STREIT UM ASTRAZENECA:

Der Vorstandsvorsitzende der Kassenärztlichen Bundesvereinigung
(KBV), Gassen, kritisierte, dass die Hausärzte nun weniger
Biontech-Impfstoff als zu Beginn und dafür auch Astrazeneca bekommen.
Die Impfkampagne werde so massiv ins Stocken geraten, sagte er der
«Neuen Osnabrücker Zeitung» (Mittwoch). «Das darf nicht passieren!
»
Ein Sprecher von Gesundheitsminister Jens Spahn (CDU) wies Gassens
Behauptung zurück, dass die Impfstoff-Lieferungen an die Arztpraxen
halbiert würden. «Vielmehr steigert sich die Impfstoffmenge stetig.
Außerdem war immer klar, dass nach zwei Wochen die Praxen Impfstoffe
unterschiedlicher Hersteller bekommen.» In der laufenden Woche gehen
rund eine Million Biontech-Dosen an die Arztpraxen, in der kommenden
Woche sollen es rund 462 000 Dosen Biontech und gut 554 000 Dosen
Astrazeneca sein, in der letzten Aprilwoche dann 1,16 Million Dosen
Biontech und 343 000 Dosen Astrazeneca. Brandenburg setzt seine
Einladungen zur Impfung aus, um mit den vorhandenen Biontech- und
Moderna-Dosen Astrazeneca bei Zweitimpfungen zu ersetzen.

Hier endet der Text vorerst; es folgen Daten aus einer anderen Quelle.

(* The map $R$ is uniformly DC1-chaotic: there exist an uncountable set $S\subset[0,1]$ and a constant $\bar\delta>0$ such that for all $x\ne y$ in $S$ and every $\delta>0$, $$\limsup_{n\to\infty}\frac1n\#\{0\le k\le n-1:|R^k(x)-R^k(y)|<\delta\}=1,$$ $$\liminf_{n\to\infty}\frac1n\#\{0\le k\le n-1:|R^k(x)-R^k(y)|<\bar\delta\}=0.$$
   Context: Define $\rho$ on binary words: for $b=b_1b_2\dots$, $\rho(b)$ is obtained by deleting every digit $b_n=0$ and replacing every $b_n=1$ by $0$ if $n$ is odd and by $1$ if $n$ is even. For $x\in(0,1]$ let $\beta(x)$ be the unique binary expansion of $x$ with infinitely many $1$'s. Define $R:[0,1]\to[0,1]$ by $R(0)=2/3$ and, for $x\in(0,1]$, $R(x)=\sum_{n\ge1}c_n2^{-n}$ where $c=\rho(\beta(x))$. $\#$ denotes cardinality. *)

From Stdlib Require Import Reals Lra Lia Arith List ClassicalEpsilon.
From Coquelicot Require Import Coquelicot.
Open Scope R_scope.

(* Binary digit sequences are b : nat -> bool indexed from 1 as in the paper
   (b n is the digit b_n, n >= 1); the unused entry b 0 is fixed to false. *)

Definition is_binexp (x : R) (b : nat -> bool) : Prop :=
  b 0%nat = false /\
  (forall N : nat, exists n : nat, (N <= n)%nat /\ b n = true) /\
  is_series (fun n : nat => if b n then (/2) ^ n else 0) x.

(* beta x : the (unique, for x in (0,1]) binary expansion of x with
   infinitely many 1's. *)
Definition beta (x : R) : nat -> bool :=
  epsilon (inhabits (fun _ : nat => false)) (is_binexp x).

Definition ones (b : nat -> bool) (n : nat) : nat :=
  length (filter b (seq 1 n)).

(* k-th digit (k >= 1) of rho(b): rho deletes the 0's and replaces the
   digit b_n = 1 by 0 if n is odd and by 1 if n is even. *)
Definition rho_digit (b : nat -> bool) (k : nat) : Prop :=
  exists n : nat, Nat.Even n /\ b n = true /\ ones b n = k.

Definition Rmap (x : R) : R :=
  if Req_EM_T x 0 then 2 / 3
  else Series (fun k : nat =>
         if Nat.eq_dec k 0 then 0
         else if excluded_middle_informative (rho_digit (beta x) k)
              then (/2) ^ k else 0).

Definition close_count (x y d : R) (n : nat) : nat :=
  length (filter (fun k : nat =>
     if Rlt_dec (Rabs (Nat.iter k Rmap x - Nat.iter k Rmap y)) d then true else false)
     (seq 0 n)).

Definition close_freq (x y d : R) (n : nat) : R :=
  INR (close_count x y d n) / INR n.

Definition uncountable (S : R -> Prop) : Prop :=
  ~ exists f : R -> nat, forall x y, S x -> S y -> f x = f y -> x = y.

From Stdlib Require Import Reals Lra Lia Arith List ClassicalEpsilon FunctionalExtensionality Classical.
From Coquelicot Require Import Coquelicot.
Open Scope R_scope.

(* Instead of analysing R directly we build orbits backwards.
   A schedule J assigns to every time k a number J k in {0, k+1}, never 0 at
   two consecutive times.  From J we define digit sequences [orbit_digits J k]:
   the k-th one is 2 J k zeros followed by a rho-preimage of the (k+1)-st, so
   R maps the point with expansion [orbit_digits J k] to the point with
   expansion [orbit_digits J (k+1)] and the orbit of that point is explicit.
   At time k the expansion starts with 0101... (J k = 0) or with 2k+2 zeros
   (J k = k+1), so two such orbits are 2^-(2k+2)-close when the types agree
   and at least 1/4 apart when they differ.  Time is cut into epochs
   [2^2^i, 2^2^(i+1)) in which the type alternates with a phase bit: 0 in even
   epochs, and in odd epochs a bit of a sequence u : nat -> bool, each bit
   being read infinitely often.  The file develops in turn: values of binary
   sequences and uniqueness of expansions (so beta inverts them), the orbit
   digits, the close/far dichotomy, the epoch schedule attached to u, and
   frequency counts at epoch ends.  S = {x_u} is uncountable by Cantor's
   argument; even epochs give upper density 1 of close times, odd epochs where
   u, u' differ give lower density 0 of 1/4-close times. *)

Definition bin_term (b : nat -> bool) (n : nat) : R := if b n then (/2) ^ n else 0.
Definition bin_val (b : nat -> bool) : R := Series (bin_term b).

Lemma half_pow_pos n : 0 < (/2) ^ n.
Proof. apply pow_lt; lra. Qed.

Lemma bin_term_bounds b n : 0 <= bin_term b n <= (/2) ^ n.
Proof. unfold bin_term. pose proof (half_pow_pos n). destruct (b n); lra. Qed.

Lemma geometric_half : is_series (fun n => (/2) ^ n) 2.
Proof.
  assert (Hgeom : is_series (fun n => (/2) ^ n) (/ (1 - /2))).
  { apply is_series_geom. rewrite Rabs_pos_eq; lra. }
  replace (/ (1 - /2)) with 2 in Hgeom by field. exact Hgeom.
Qed.

Lemma ex_series_half_dominated (a : nat -> R) :
  (forall n, 0 <= a n <= (/2) ^ n) -> ex_series a.
Proof.
  intros Ha. apply (ex_series_le a (fun n => (/2) ^ n)).
  - intros n. specialize (Ha n). change (Rabs (a n) <= (/2) ^ n).
    rewrite Rabs_pos_eq; lra.
  - eexists; apply geometric_half.
Qed.

Lemma bin_term_ex b : ex_series (bin_term b).
Proof. apply ex_series_half_dominated, bin_term_bounds. Qed.

Lemma partial_sum_le_Series (a : nat -> R) N :
  (forall n, 0 <= a n) -> ex_series a -> sum_f_R0 a N <= Series a.
Proof.
  intros Hpos Hex. apply sum_incr; [|exact Hpos].
  apply is_series_Reals, Series_correct, Hex.
Qed.

Lemma term_le_partial_sum (a : nat -> R) N :
  (forall n, 0 <= a n) -> a N <= sum_f_R0 a N.
Proof.
  intros Hpos. destruct N as [|N]; simpl; [lra|].
  pose proof (cond_pos_sum a N Hpos). lra.
Qed.

Definition bin_tail (b : nat -> bool) (N : nat) : R :=
  Series (fun k => bin_term b (S N + k)).

Lemma bin_val_split b N : bin_val b = sum_f_R0 (bin_term b) N + bin_tail b N.
Proof.
  unfold bin_val, bin_tail.
  rewrite (Series_incr_n (bin_term b) (S N)); [reflexivity|lia|apply bin_term_ex].
Qed.

Lemma bin_tail_ex b N : ex_series (fun k => bin_term b (S N + k)).
Proof.
  apply ex_series_half_dominated. intros n.
  pose proof (bin_term_bounds b (S N + n)) as [Hlo Hhi]. rewrite pow_add in Hhi.
  assert (0 <= (/2) ^ S N < 1) by (apply pow_lt_1_compat; [lra|lia]).
  pose proof (half_pow_pos n). nra.
Qed.

Lemma bin_tail_ge_term b N i : bin_term b (S N + i) <= bin_tail b N.
Proof.
  eapply Rle_trans; [|apply partial_sum_le_Series with (N := i)].
  - apply (term_le_partial_sum (fun k => bin_term b (S N + k))).
    intros n; apply bin_term_bounds.
  - intros n; apply bin_term_bounds.
  - apply bin_tail_ex.
Qed.

Lemma bin_tail_nonneg b N : 0 <= bin_tail b N.
Proof.
  eapply Rle_trans; [|apply (bin_tail_ge_term b N 0)]. apply bin_term_bounds.
Qed.

Lemma bin_tail_le b N : bin_tail b N <= (/2) ^ N.
Proof.
  assert (Hgeom : Series (fun k => (/2) ^ S N * (/2) ^ k) = (/2) ^ N).
  { rewrite Series_scal_l. change (pow (/2)) with (fun n => (/2) ^ n).
    rewrite (is_series_unique _ _ geometric_half). simpl. field. }
  rewrite <- Hgeom. apply Series_le.
  - intros n. rewrite <- pow_add. apply bin_term_bounds.
  - apply (ex_series_scal_l ((/2) ^ S N) (fun k => (/2) ^ k)).
    eexists; apply geometric_half.
Qed.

VORGEZOGENE BIONTECH-LIEFERUNGEN:

Biontech und Pfizer wollen bis Ende Juni zusätzlich 50 Millionen
Dosen Corona-Impfstoff an die EU-Staaten liefern, wie von der Leyen
mitteilte. Es handele sich um eine Lieferung, die aus dem vierten
Quartal vorgezogen werde. Im zweiten Quartal von April bis Juni kämen
somit insgesamt 250 Millionen Dosen Impfstoff von Biontech/Pfizer.
Die Lieferung werde nach Bevölkerungsanteil auf die 27 EU-Staaten
verteilt. Dieser liegt für Deutschland bei 18,6 Prozent. Von der
zusätzlichen Lieferung kann Deutschland also rechnerisch gut 9
Millionen Dosen erwarten. Dies könnte mögliche Ausfälle beim
Impfstoff von Johnson & Johnson zum Teil wettmachen. Von der Leyen
kündigte zudem Verhandlungen mit Biontech/Pfizer über weitere 1,8
Milliarden Impfdosen für die Zeit von 2021 bis 2023 an.

JOHNSON @ JOHNSON:

Die Folgen des Impfstopps mit dem Präparat von Johnson & Johnson in
den USA und die Verzögerungen des Marktstarts in der EU sind unklar.
Grund waren auch hier Berichte über Hirnvenenthrombosen. In den USA
waren sechs Fälle erfasst worden. Die Europäische Arzneimittelbehörde

(EMA) will kommende Woche ein Gutachten dazu abgeben. Bis dahin könne
der Impfstoff aber weiter uneingeschränkt eingesetzt werden - die
«Vorzüge des Impfstoffes, Covid-19 zu verhindern», seien höher zu
bewerten als die Risiken von Nebenwirkungen. In der EU ist der
Impfstoff zugelassen. In Deutschland sollen im zweiten Quartal 10,1
Millionen Dosen und 2021 insgesamt 36,7 Millionen Dosen geliefert
werden.

STAND DER IMPFUNGEN UND LIEFERPROGNOSEN:

Als erstes Bundesland hat Bremen die 20-Prozent-Marke bei den
Erstgeimpften überschritten, gefolgt vom Saarland mit 19,3 Prozent
der Bevölkerung. Die Schlusslichter sind laut nationalem
Impf-Dashboard Hessen und Mecklenburg-Vorpommern mit unter 16
Prozent. Insgesamt sind bundesweit nun 16,9 Prozent mit mindestens
einer Impfung ausgestattet. 19 Millionen Impfdosen wurden
verabreicht. 530 000 kamen am Vortag hinzu. Im zweiten Quartal sollen
nun insgesamt knapp 50 Millionen Biontech/Pfizer-Dosen ankommen, bis
zu 15,4 Millionen von Astrazeneca, 10,1 von Johnson @ Johnson, 6,4
Millionen von Moderna und 1,4 Millionen von Curevac. SPD-Experte Karl
Lauterbach forderte auf Twitter eine Notfallzulassung für das noch
nicht zugelassene Curevac, da Lücken für «die große Gruppe der
Unter-60-Jährigen» gefüllt werden müssten.